What to produce: Check every line below for the word "else" and show those that hold it.

▬▬▬▬▬▬▬▬▬▬

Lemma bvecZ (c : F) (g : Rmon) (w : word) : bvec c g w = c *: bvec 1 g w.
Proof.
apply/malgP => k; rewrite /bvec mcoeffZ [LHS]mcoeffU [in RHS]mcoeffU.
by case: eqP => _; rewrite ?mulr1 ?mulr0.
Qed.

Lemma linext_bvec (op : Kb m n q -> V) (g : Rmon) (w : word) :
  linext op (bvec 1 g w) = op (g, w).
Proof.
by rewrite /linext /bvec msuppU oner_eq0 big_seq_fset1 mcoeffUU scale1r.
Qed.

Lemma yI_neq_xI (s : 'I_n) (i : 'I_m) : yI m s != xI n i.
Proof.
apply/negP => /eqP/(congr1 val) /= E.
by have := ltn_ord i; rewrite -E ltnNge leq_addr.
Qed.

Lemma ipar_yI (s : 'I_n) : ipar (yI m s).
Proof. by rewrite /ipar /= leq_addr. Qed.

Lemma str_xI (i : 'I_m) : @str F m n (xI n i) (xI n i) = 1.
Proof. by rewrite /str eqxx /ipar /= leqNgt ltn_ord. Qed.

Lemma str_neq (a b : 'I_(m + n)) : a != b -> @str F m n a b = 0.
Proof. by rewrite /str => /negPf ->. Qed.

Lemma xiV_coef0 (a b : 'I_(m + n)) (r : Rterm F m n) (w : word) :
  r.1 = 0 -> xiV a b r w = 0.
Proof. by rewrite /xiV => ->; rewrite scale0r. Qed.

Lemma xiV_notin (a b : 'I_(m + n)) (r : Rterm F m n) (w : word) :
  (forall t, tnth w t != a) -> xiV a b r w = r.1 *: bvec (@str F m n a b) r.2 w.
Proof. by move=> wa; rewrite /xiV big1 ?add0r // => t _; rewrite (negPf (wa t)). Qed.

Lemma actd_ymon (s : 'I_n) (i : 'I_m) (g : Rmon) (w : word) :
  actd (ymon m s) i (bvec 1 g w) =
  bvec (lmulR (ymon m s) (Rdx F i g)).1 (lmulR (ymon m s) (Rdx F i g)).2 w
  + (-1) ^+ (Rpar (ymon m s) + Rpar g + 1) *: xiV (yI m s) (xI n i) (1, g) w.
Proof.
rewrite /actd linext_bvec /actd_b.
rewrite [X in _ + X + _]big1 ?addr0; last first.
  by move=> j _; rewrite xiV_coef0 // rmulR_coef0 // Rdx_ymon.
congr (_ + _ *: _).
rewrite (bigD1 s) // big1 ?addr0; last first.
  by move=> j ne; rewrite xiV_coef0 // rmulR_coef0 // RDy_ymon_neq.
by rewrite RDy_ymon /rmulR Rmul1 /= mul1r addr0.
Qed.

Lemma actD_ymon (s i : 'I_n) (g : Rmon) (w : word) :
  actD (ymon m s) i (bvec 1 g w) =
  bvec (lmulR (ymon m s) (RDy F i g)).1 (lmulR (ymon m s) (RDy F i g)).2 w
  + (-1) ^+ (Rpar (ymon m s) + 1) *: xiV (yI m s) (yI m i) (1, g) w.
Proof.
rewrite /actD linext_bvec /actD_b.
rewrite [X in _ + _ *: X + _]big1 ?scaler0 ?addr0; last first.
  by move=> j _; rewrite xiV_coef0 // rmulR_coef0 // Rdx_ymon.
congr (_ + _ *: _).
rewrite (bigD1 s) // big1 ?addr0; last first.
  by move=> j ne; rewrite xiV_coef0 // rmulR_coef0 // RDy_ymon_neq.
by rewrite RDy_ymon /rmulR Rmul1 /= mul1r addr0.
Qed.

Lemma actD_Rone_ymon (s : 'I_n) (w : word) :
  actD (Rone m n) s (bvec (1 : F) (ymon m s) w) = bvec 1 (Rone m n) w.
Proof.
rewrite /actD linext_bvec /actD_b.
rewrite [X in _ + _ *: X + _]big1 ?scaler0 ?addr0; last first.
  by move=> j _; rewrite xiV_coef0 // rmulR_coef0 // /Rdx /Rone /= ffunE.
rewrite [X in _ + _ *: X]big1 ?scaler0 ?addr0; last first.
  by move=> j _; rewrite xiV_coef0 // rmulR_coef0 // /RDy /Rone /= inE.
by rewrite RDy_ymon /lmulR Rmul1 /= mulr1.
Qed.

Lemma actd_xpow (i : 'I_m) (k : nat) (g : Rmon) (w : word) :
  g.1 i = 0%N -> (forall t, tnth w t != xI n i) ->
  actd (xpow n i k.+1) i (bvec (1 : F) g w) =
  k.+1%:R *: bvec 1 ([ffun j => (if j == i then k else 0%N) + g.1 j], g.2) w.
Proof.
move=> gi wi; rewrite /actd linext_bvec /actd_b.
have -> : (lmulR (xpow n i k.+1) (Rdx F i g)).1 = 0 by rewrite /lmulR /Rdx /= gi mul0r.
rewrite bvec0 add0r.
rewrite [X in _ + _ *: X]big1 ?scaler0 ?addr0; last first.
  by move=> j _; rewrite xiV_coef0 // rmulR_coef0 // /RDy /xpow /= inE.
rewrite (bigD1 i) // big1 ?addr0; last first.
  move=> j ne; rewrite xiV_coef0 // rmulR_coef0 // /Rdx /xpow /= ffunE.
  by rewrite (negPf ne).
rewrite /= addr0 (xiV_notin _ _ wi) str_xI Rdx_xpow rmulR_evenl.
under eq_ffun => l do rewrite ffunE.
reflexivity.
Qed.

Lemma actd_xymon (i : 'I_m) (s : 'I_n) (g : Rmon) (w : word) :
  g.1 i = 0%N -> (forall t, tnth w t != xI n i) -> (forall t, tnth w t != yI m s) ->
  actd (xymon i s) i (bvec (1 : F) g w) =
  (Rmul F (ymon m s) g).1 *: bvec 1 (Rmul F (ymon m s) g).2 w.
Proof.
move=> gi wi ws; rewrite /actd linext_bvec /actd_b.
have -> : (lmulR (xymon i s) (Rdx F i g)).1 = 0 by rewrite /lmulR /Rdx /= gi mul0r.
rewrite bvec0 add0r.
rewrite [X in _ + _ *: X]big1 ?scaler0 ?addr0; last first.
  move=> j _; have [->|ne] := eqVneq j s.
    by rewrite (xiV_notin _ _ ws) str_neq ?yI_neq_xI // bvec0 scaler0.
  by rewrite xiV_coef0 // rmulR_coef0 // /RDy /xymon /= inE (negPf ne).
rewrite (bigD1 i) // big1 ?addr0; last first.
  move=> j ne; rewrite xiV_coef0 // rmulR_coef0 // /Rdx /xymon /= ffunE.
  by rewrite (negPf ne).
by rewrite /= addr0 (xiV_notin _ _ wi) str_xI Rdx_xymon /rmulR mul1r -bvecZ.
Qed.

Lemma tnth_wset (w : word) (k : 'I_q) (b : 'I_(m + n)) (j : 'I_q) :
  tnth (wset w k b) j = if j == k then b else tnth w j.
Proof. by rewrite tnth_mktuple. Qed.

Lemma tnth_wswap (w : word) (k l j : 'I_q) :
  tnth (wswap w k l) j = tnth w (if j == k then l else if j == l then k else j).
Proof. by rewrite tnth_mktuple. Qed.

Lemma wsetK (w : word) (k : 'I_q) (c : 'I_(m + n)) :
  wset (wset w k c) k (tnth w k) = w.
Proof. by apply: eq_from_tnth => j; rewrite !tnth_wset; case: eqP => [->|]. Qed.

▬▬▬▬▬▬▬▬▬▬

Solution to the exercise:
  k.+1%:R *: bvec 1 ([ffun j => (if j == i then k else 0%N) + g.1 j], g.2) w.
  tnth (wset w k b) j = if j == k then b else tnth w j.
  tnth (wswap w k l) j = tnth w (if j == k then l else if j == l then k else j).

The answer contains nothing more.